El poeta gana en experiencia y calidad al tiempo que su canto se va haciendo más combativo. La libertad, la lucha, la vida mejor, en las que cree de todo corazón, se expresan en sus poemas como algo que les pertenece:

Yo, buen compadre de los ojos libres,
me atrofio si no tengo libertad.


La libertad es en verdad atrofiante cuando se la conoce sólo de palabra. Por eso, en la carne del poeta tiembla con fuerza el ansia general de libertad que se repite y se transforma en su batalla permanente:


Si asestas el hachazo en el sitio debido
el señorial desierto crujirá
y el hacha gruesa sonreirá.


Este leñador (que ahora no prefiere que su hijo esté en el lago) es el resumen de los trabajadores, y su hacha es el arma que tiene que hacer la justicia, porque la justicia de los trabajadores tienen que fabricarla ellos mismos, como fabrican el pan o los automóviles para el disfrute de quienes pueden permitirse ese lujo. Pero más, cuando viven bajo un régimen que no sólo los explota, sino que además les niega todos los derechos y los avasalla, los tortura y los mata. Aquí no se oculta la insinuación, la arenga, a la batalla abierta. De cómo esos aspectos de la lucha encajan en la obra de József y resaltan, airosos, en sus cumbres más logradas, es obra sólamente del talento. Salvo en algunas excepciones casuales -que podríamos llamar descuidos apurados- no hay en ellos un abandono facilista de la nota por la nota que destaca los puntos políticos sin preocupación alguna por la calidad ni por los valores formales y estéticos. Nuestro húngaro calibraba en su función tremenda esa necesidad que tiene el mensaje político de llegar enmarcado en los más altos ribetes del arte, para que pueda lograr así su efecto.

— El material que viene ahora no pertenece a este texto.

(* Let $q$ be a power of $2$ and $k\ge1$ an integer. Let $L\in\mathbb{F}_{q^{3k}}[x]$ be a $2$-linearized polynomial (i.e. $L=\sum_i c_i x^{2^i}$ with $c_i\in\mathbb{F}_{q^{3k}}$) such that (i) $L$ permutes $\mathbb{F}_{q^k}$ (in particular maps $\mathbb{F}_{q^k}$ bijectively onto itself), and (ii) $L+L^{q^{2k}}\equiv S_{2k}^2+S_{2k}^{2q^{k+1}}\pmod{x^{q^{3k}}-x}$. Then $L+S_{2k}^{q^k+1}$ is a permutation polynomial of $\mathbb{F}_{q^{3k}}$.
   Context: $\mathbb{F}_Q$ is the finite field with $Q$ elements. For a power $q$ of $2$ and positive integer $m$, $S_m=x+x^q+\cdots+x^{q^{m-1}}\in\mathbb{F}_2[x]$; exponents on $S_m$ and $L$ denote powers of polynomials (so $L^{q^{2k}}$ is the $q^{2k}$-th power of $L$). A polynomial $f$ is a permutation polynomial of $\mathbb{F}_Q$ if $c\mapsto f(c)$ is a bijection of $\mathbb{F}_Q$. *)

From HB Require Import structures.
From mathcomp Require Import all_boot all_order all_algebra all_field.
Set Implicit Arguments. Unset Strict Implicit. Unset Printing Implicit Defensive.
Import GRing.Theory.
Local Open Scope ring_scope.

Definition S_poly (F : fieldType) (q m : nat) : {poly F} :=
  \sum_(i < m) 'X^(q ^ i).

Definition two_linearized (F : fieldType) (L : {poly F}) : Prop :=
  exists (n : nat) (c : nat -> F), L = \sum_(i < n) c i *: 'X^(2 ^ i).

(* the subfield F_{q^k} of F: elements fixed by x |-> x^{q^k} *)
Definition in_subfield (F : fieldType) (Qk : nat) (a : F) : bool :=
  a ^+ Qk == a.

(* L permutes the subfield {a | a^Qk = a}: maps it into itself, injectively
   (hence bijectively, the subfield being finite) *)
Definition permutes_subfield (F : fieldType) (Qk : nat) (L : {poly F}) : Prop :=
  (forall a, in_subfield Qk a -> in_subfield Qk L.[a]) /\
  (forall a b, in_subfield Qk a -> in_subfield Qk b -> L.[a] = L.[b] -> a = b).

Definition is_perm_poly (F : finFieldType) (p : {poly F}) : Prop :=
  bijective (fun c : F => p.[c]).

From HB Require Import structures.
From mathcomp Require Import all_boot all_order all_algebra all_field.
From mathcomp Require Import zify ring.
Set Implicit Arguments. Unset Strict Implicit. Unset Printing Implicit Defensive.
Import GRing.Theory.
Local Open Scope ring_scope.

(* Put m := q^k and s := S_{2k}.  Since x^(m^3) = x on F and S_{2k} = S_k + S_k^m,
   s + s^m + s^(m^2) = 0; with (ii) this gives f + f^(m^2) = s^(2qm) for
   f := L + s^(m+1).  So f(x) = f(y) forces s(x + y) = 0, hence, as
   S_n^q + S_n = x^(q^n) + x, the difference d = x + y satisfies d^(m^2) = d
   and lies in F_{q^k}; there L(d) = f(x) + f(y) = 0, so d = 0 by (i). *)

Section FrobeniusPowers.
Variable F : fieldType.

Lemma expr_sum_pchar (I : Type) (r : seq I) (P : pred I) (G : I -> F) N :
  [pchar F].-nat N ->
  (\sum_(i <- r | P i) G i) ^+ N = \sum_(i <- r | P i) G i ^+ N.
Proof.
move=> pN; apply: (big_morph (fun y => y ^+ N)) => [a b|].
  exact: exprDn_pchar.
by rewrite expr0n; case: N pN.
Qed.

Lemma expr_pchar_inj N : [pchar F].-nat N -> injective (fun x : F => x ^+ N).
Proof.
move=> pN x y /= eq_xyN; apply/eqP; rewrite -subr_eq0.
have : (x - y) ^+ N + y ^+ N = x ^+ N by rewrite -exprDn_pchar // subrK.
by rewrite eq_xyN -{2}[y ^+ N]add0r => /addIr /eqP; rewrite expf_eq0 => /andP[].
Qed.

Hypothesis pchar2 : 2 \in [pchar F].

Lemma pchar2_nat_exp2 j : [pchar F].-nat (2 ^ j)%N.
Proof. by rewrite pnatX (eq_pnat _ (pcharf_eq pchar2)) pnat_id. Qed.

Lemma pchar2_addr_eq0 (a b : F) : (a + b == 0) = (a == b).
Proof. by rewrite addr_eq0 oppr_pchar2. Qed.

Lemma two_linearized_hornerD (L : {poly F}) a b :
  two_linearized L -> L.[a + b] = L.[a] + L.[b].
Proof.
move=> [n [c ->]]; rewrite !horner_sum -big_split; apply: eq_bigr => i _ /=.
by rewrite !hornerZ !hornerXn exprDn_pchar ?pchar2_nat_exp2 // mulrDr.
Qed.

End FrobeniusPowers.

Lemma dvdp_XcardX_horner (F : finFieldType) (p : {poly F}) x :
  ('X^#|F| - 'X) %| p -> p.[x] = 0.
Proof.
by case/dvdpP=> r ->; rewrite hornerM !hornerE expf_card subrr mulr0.
Qed.

Section TracePolynomial.
Variables (F : fieldType) (q : nat).
Hypothesis pcharq : [pchar F].-nat q.

Lemma horner_S_poly n x : (S_poly F q n).[x] = \sum_(i < n) x ^+ (q ^ i)%N.
Proof. by rewrite horner_sum; apply: eq_bigr => i _; rewrite hornerXn. Qed.

Lemma horner_S_poly1 x : (S_poly F q 1).[x] = x.
Proof. by rewrite horner_S_poly big_ord1 expn0 expr1. Qed.

Lemma horner_S_polyD n x y :
  (S_poly F q n).[x + y] = (S_poly F q n).[x] + (S_poly F q n).[y].
Proof.
rewrite !horner_S_poly -big_split; apply: eq_bigr => i _.
by rewrite exprDn_pchar // pnatX pcharq.
Qed.

Lemma horner_S_poly_cat a b x :
  (S_poly F q (a + b)).[x] = (S_poly F q a).[x] + (S_poly F q b).[x] ^+ (q ^ a)%N.
Proof.
rewrite !horner_S_poly big_split_ord expr_sum_pchar ?pnatX ?pcharq //=.
by congr (_ + _); apply: eq_bigr => i _; rewrite -exprM -expnD addnC.
Qed.

Hypothesis pchar2 : 2 \in [pchar F].

Lemma horner_S_poly_frob n x :
  (S_poly F q n).[x] ^+ q + (S_poly F q n).[x] = x ^+ (q ^ n)%N + x.
Proof.
have := horner_S_poly_cat 1 n x; rewrite addnC horner_S_poly_cat.
rewrite !horner_S_poly1 expn1; set t := _.[x] => eq_cat.
apply/eqP; rewrite -pchar2_addr_eq0 //.
have -> : t ^+ q + t + (x ^+ (q ^ n) + x) = t + x ^+ (q ^ n) + (x + t ^+ q).
  by ring.
by rewrite eq_cat addrr_pchar2.
Qed.

End TracePolynomial.

Section FiniteField.
Variables (F : finFieldType) (q k : nat).
Hypotheses (pchar2 : 2 \in [pchar F]) (pcharq : [pchar F].-nat q).
Hypothesis cardF : #|F| = (q ^ (3 * k))%N.

Local Notation m := (q ^ k)%N.
Local Notation s x := (S_poly F q (2 * k)).[x].

Lemma expn_subfield_gt0 : (0 < m)%N.
Proof. by rewrite expn_gt0; case/andP: pcharq => ->. Qed.

Lemma expr_card_cube (x : F) : x ^+ (m * m * m) = x.
Proof.
have -> : (m * m * m = #|F|)%N by rewrite cardF -!expnD; congr expn; lia.
exact: expf_card.
Qed.

Lemma S_poly_trace x : s x + s x ^+ m + s x ^+ (m * m) = 0.
Proof.
have pcharm : [pchar F].-nat m by rewrite pnatX pcharq.
rewrite mul2n -addnn horner_S_poly_cat //; set t := _.[x].
rewrite !exprDn_pchar ?pnatM ?pcharm // -!exprM mulnA expr_card_cube.
have -> : t + t ^+ m + (t ^+ m + t ^+ (m * m)) + (t ^+ (m * m) + t) =
          (t + t) + (t ^+ m + t ^+ m) + (t ^+ (m * m) + t ^+ (m * m)) by ring.
by rewrite !addrr_pchar2 // !addr0.
Qed.

Lemma S_poly_root_in_subfield d : s d = 0 -> in_subfield m d.
Proof.
move=> sd0; have := horner_S_poly_frob pcharq pchar2 (2 * k) d.
have q_gt0 : (0 < q)%N by case/andP: pcharq.
rewrite sd0 expr0n eqn0Ngt q_gt0 add0r mulnC expnM expnS expn1 => /eqP.
rewrite eq_sym pchar2_addr_eq0 // => /eqP dmm.
by rewrite /in_subfield -{1}dmm -exprM expr_card_cube.
Qed.

Lemma S_poly_twist_frob (L : {poly F}) x :
  (L.[x] + s x ^+ (m + 1)) + (L.[x] + s x ^+ (m + 1)) ^+ (m * m) =
  L.[x] + L.[x] ^+ (m * m) + s x ^+ 2.
Proof.
have s_mm : s x ^+ (m * m) = s x + s x ^+ m.
  by apply/eqP; rewrite -pchar2_addr_eq0 // addrC S_poly_trace.
rewrite exprDn_pchar ?pnatM ?pnatX ?pcharq // -exprM mulnDl mul1n !exprD mulnA.
rewrite expr_card_cube s_mm expr1.
transitivity (L.[x] + L.[x] ^+ (m * m) + s x ^+ 2 +
              (s x ^+ m * s x + s x ^+ m * s x)); first by ring.
by rewrite addrr_pchar2 // addr0.
Qed.

Variable L : {poly F}.
Hypothesis L_additive : forall a b, L.[a + b] = L.[a] + L.[b].
Hypothesis L_inj_subfield : forall a b,
  in_subfield m a -> in_subfield m b -> L.[a] = L.[b] -> a = b.
Hypothesis L_frob : forall x,
  L.[x] + L.[x] ^+ (q ^ (2 * k)) = s x ^+ 2 + s x ^+ (2 * q ^ k.+1).

Let f x := L.[x] + s x ^+ (m + 1).

Lemma twist_frob x : f x + f x ^+ (m * m) = s x ^+ (2 * q ^ k.+1).
Proof.
rewrite S_poly_twist_frob -{1}[(m * m)%N]expnD addnn -mul2n L_frob.
by rewrite addrAC addrr_pchar2 // add0r.
Qed.

Lemma twist_injective :
  injective (fun x => (L + S_poly F q (2 * k) ^+ (m + 1)).[x]).
Proof.
move=> x y; rewrite /= !hornerD !horner_exp -/(f x) -/(f y) => eq_f.
have eq_s : s x = s y.
  apply: (@expr_pchar_inj _ (2 * q ^ k.+1)).
    by rewrite pnatM pnatX pcharq -[2%N]expn1 pchar2_nat_exp2.
  by rewrite /= -!twist_frob eq_f.
have L0 : L.[0] = 0 by have := L_additive 0 0; rewrite addr0 addrr_pchar2.
have Lxy : L.[x + y] = L.[0].
  rewrite L_additive L0; move: eq_f; rewrite /f eq_s => /addIr ->.
  by rewrite addrr_pchar2.
have sxy : s (x + y) = 0 by rewrite horner_S_polyD // eq_s addrr_pchar2.
apply/eqP; rewrite -pchar2_addr_eq0 //; apply/eqP.
apply: L_inj_subfield Lxy; first exact: S_poly_root_in_subfield.
by rewrite /in_subfield expr0n eqn0Ngt expn_subfield_gt0.
Qed.

End FiniteField.

Theorem theorem4p1 (F : finFieldType) (e k : nat) (L : {poly F}) :
  (0 < e)%N -> (0 < k)%N ->
  #|F| = ((2 ^ e) ^ (3 * k))%N ->
  two_linearized L ->
  permutes_subfield ((2 ^ e) ^ k)%N L ->
  ('X^#|F| - 'X) %| ((L + L ^+ ((2 ^ e) ^ (2 * k))) -
     (S_poly F (2 ^ e) (2 * k) ^+ 2
      + S_poly F (2 ^ e) (2 * k) ^+ (2 * (2 ^ e) ^ k.+1))) ->
  is_perm_poly (L + S_poly F (2 ^ e) (2 * k) ^+ ((2 ^ e) ^ k + 1)).
Proof.
move=> _ _ cardF linL [_ L_inj] dvdL.
have pchar2 : 2 \in [pchar F].
  by apply: (card_finPcharP (n := (e * (3 * k))%N)); rewrite ?cardF ?expnM.
have L_frob x := dvdp_XcardX_horner x dvdL.
apply: injF_bij; apply: (twist_injective pchar2 (pchar2_nat_exp2 pchar2 e) cardF
  (fun a b => two_linearized_hornerD pchar2 a b linL) L_inj) => x.
by apply/eqP; rewrite -subr_eq0; have := L_frob x; rewrite !hornerE => ->.
Qed.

Pincha incesantemente, pincha, nuestra arma querida,
para que una y mil veces sepamos que por casualidad
sin combatir
no ganaremos la batalla.

Y al final, la revelación de la inutilidad de colocarse al lado de los opresores, cuya única solución será la muerte:


Franco, el general, me enroló, feroz soldado,
en sus filas.
Temí ser fusilado. No era posible huir.
Temí. Luché con él contra la libertad, contra el derecho,
tras los muros de Irún.
Y así también me halló la muerte.


Este Epitafio de un labriego español es también un "poema terrible". Porque esta vez lo "terrible" se vuelve contra el enemigo y contra los incapaces de decidirse por la "dignidad plena del hombre", que como anheló nuestro Martí, son las palabras que deben estar siempre presentes en cualquier documento constitucional de un país que se respete.


Permítanme recordar a Attila József en sus amplias virtudes que lo hicieron inmortal para su pueblo y para todos los pueblos. Esas manchas del sol que Martí relacionara tan certeramente con los mal agradecidos, al menos con József las dejo pasar. Y prefiero recordarlo deambulando por las avenidas de su ciudad grande, junto al río y bajo el cielo nublado, como deambulara siempre en su constante evocación Jiri Wolker por las calles de la Praga vieja. Attila József era así. vivió así, siempre buscando, siempre hurgando en las profundiadesd del sentido de la vida y de la lucha. Y siempre enamorado de la libertad, con la fe inquebrantable que lo hizo producir una poesía que quedará grabada para siempre en los corazones de aquellos que aman la libertad y el arte, y que están convencidos, como yo, que ambos cariños pueden y deben convivir y generar la más alta calidad en la literatura.